Exactly the lines from the start of the data below through the line containing "apply: germ_differentiableM; first" must be returned, and no others.

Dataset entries
- - - - - - -
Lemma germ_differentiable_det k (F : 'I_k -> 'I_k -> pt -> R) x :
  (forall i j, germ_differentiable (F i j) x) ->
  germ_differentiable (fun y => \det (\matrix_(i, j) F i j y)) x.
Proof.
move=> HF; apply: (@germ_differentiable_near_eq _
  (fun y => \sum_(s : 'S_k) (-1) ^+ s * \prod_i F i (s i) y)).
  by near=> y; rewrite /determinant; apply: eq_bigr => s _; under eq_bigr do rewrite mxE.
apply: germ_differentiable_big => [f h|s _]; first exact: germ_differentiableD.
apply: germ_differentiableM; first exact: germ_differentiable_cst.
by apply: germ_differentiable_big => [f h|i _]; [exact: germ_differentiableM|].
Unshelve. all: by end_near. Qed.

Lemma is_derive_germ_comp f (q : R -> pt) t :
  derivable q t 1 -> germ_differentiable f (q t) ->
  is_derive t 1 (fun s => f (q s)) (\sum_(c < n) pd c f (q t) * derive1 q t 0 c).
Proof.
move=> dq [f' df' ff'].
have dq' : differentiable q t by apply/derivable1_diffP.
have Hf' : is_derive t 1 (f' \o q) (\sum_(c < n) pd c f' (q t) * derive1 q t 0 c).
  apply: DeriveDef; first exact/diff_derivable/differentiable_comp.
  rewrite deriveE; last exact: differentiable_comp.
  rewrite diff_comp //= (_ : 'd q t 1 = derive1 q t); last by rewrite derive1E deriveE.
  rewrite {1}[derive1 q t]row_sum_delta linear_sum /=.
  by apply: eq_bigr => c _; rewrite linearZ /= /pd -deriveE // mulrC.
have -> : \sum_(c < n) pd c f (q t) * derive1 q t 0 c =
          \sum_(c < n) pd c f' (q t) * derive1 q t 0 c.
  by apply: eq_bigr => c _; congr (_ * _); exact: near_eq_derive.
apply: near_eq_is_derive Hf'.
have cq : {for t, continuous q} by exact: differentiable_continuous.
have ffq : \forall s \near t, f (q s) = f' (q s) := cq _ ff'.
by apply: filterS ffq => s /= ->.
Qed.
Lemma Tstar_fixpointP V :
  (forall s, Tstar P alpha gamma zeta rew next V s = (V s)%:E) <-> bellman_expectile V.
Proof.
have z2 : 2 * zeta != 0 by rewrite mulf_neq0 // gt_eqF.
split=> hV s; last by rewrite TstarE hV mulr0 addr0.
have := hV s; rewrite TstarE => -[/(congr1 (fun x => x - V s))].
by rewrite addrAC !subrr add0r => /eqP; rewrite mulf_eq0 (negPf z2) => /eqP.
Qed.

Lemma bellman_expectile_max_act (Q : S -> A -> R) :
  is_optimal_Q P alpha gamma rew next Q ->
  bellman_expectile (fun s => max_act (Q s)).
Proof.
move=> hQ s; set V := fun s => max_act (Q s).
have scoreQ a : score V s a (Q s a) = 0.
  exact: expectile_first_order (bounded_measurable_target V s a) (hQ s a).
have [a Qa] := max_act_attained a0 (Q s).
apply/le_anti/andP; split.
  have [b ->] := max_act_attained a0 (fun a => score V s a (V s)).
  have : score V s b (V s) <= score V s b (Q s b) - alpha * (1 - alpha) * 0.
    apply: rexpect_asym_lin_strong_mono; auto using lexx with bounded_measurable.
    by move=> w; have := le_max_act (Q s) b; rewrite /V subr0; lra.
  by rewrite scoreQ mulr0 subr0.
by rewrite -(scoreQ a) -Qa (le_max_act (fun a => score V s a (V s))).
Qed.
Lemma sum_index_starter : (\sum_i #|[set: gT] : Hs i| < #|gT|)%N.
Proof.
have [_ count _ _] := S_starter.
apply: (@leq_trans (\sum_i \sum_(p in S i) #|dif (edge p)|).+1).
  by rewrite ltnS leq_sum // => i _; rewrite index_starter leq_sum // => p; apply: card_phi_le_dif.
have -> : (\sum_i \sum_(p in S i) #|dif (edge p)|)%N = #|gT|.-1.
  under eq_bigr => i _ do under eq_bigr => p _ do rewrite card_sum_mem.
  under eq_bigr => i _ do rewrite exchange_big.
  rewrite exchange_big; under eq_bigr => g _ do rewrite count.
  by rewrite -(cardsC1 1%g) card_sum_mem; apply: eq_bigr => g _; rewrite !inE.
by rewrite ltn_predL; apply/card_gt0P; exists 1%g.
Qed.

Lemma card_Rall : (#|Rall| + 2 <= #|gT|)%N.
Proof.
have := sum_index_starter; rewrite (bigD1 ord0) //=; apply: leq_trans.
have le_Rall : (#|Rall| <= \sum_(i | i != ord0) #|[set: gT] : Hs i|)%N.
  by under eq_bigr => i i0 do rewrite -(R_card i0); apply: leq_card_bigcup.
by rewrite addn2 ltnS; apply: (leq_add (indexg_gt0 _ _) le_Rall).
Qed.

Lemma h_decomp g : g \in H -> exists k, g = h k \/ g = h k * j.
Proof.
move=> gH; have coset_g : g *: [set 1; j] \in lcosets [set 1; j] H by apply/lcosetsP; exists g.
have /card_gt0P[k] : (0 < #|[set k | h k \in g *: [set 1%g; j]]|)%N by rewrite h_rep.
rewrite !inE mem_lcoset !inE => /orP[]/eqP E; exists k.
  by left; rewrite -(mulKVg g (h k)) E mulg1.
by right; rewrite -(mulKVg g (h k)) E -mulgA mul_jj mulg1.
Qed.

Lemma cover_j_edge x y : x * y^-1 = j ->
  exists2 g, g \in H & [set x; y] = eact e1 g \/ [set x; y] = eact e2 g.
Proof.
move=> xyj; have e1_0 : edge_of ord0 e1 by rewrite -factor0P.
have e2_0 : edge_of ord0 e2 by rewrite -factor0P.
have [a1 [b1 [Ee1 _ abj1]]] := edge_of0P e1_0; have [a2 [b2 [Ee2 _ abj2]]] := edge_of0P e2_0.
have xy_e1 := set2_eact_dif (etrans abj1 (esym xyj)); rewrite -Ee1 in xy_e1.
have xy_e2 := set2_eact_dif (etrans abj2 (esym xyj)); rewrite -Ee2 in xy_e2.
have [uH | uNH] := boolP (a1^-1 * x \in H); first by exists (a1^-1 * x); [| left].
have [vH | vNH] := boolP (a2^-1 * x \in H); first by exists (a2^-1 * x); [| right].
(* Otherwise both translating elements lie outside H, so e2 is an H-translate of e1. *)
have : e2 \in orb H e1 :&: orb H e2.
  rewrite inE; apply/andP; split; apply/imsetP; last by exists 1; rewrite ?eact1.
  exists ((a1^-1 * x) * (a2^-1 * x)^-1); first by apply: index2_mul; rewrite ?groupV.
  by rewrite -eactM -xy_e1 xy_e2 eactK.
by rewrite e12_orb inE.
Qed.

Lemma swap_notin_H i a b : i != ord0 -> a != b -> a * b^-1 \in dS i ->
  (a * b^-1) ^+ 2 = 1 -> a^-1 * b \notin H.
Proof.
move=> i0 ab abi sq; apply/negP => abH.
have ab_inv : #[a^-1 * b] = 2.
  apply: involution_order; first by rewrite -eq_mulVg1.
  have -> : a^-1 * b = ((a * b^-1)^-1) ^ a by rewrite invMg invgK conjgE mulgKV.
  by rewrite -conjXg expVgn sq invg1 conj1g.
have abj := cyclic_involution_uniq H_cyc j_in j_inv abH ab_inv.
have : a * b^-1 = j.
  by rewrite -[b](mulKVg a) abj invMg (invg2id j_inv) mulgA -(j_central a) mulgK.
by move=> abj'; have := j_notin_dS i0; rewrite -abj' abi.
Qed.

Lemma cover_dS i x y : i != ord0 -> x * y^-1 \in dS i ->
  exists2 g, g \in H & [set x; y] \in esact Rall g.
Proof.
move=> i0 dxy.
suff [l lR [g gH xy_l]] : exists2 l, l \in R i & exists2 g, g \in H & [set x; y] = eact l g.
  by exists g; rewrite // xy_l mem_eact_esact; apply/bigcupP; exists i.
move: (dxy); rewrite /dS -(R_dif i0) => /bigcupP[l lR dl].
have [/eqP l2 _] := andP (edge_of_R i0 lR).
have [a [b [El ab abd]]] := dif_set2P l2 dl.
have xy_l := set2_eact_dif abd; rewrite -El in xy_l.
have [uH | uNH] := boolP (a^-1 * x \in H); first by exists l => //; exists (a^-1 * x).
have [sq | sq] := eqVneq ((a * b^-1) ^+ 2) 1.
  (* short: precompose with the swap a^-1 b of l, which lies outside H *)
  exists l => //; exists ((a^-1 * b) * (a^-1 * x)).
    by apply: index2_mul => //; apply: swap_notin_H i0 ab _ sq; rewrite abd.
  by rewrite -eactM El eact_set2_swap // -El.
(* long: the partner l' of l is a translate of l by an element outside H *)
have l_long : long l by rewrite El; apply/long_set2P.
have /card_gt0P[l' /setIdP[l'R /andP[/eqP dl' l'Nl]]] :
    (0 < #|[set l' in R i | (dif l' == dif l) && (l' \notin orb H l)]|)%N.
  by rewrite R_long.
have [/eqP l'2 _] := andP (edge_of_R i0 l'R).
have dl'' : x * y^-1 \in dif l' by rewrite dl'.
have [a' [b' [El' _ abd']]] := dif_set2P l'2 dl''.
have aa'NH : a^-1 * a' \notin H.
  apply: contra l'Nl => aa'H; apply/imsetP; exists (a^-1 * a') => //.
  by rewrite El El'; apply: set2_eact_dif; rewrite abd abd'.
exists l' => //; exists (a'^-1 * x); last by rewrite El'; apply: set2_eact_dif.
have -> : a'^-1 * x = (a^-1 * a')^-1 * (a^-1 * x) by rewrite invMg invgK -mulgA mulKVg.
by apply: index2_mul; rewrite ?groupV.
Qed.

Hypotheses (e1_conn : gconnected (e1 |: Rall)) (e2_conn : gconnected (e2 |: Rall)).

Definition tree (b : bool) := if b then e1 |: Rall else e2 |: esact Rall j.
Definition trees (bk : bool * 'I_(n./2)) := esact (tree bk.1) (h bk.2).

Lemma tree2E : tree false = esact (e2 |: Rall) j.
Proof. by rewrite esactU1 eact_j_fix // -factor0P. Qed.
- - - - - - -
RESPONSE BELOW:
Lemma germ_differentiable_det k (F : 'I_k -> 'I_k -> pt -> R) x :
  (forall i j, germ_differentiable (F i j) x) ->
  germ_differentiable (fun y => \det (\matrix_(i, j) F i j y)) x.
Proof.
move=> HF; apply: (@germ_differentiable_near_eq _
  (fun y => \sum_(s : 'S_k) (-1) ^+ s * \prod_i F i (s i) y)).
  by near=> y; rewrite /determinant; apply: eq_bigr => s _; under eq_bigr do rewrite mxE.
apply: germ_differentiable_big => [f h|s _]; first exact: germ_differentiableD.
apply: germ_differentiableM; first exact: germ_differentiable_cst.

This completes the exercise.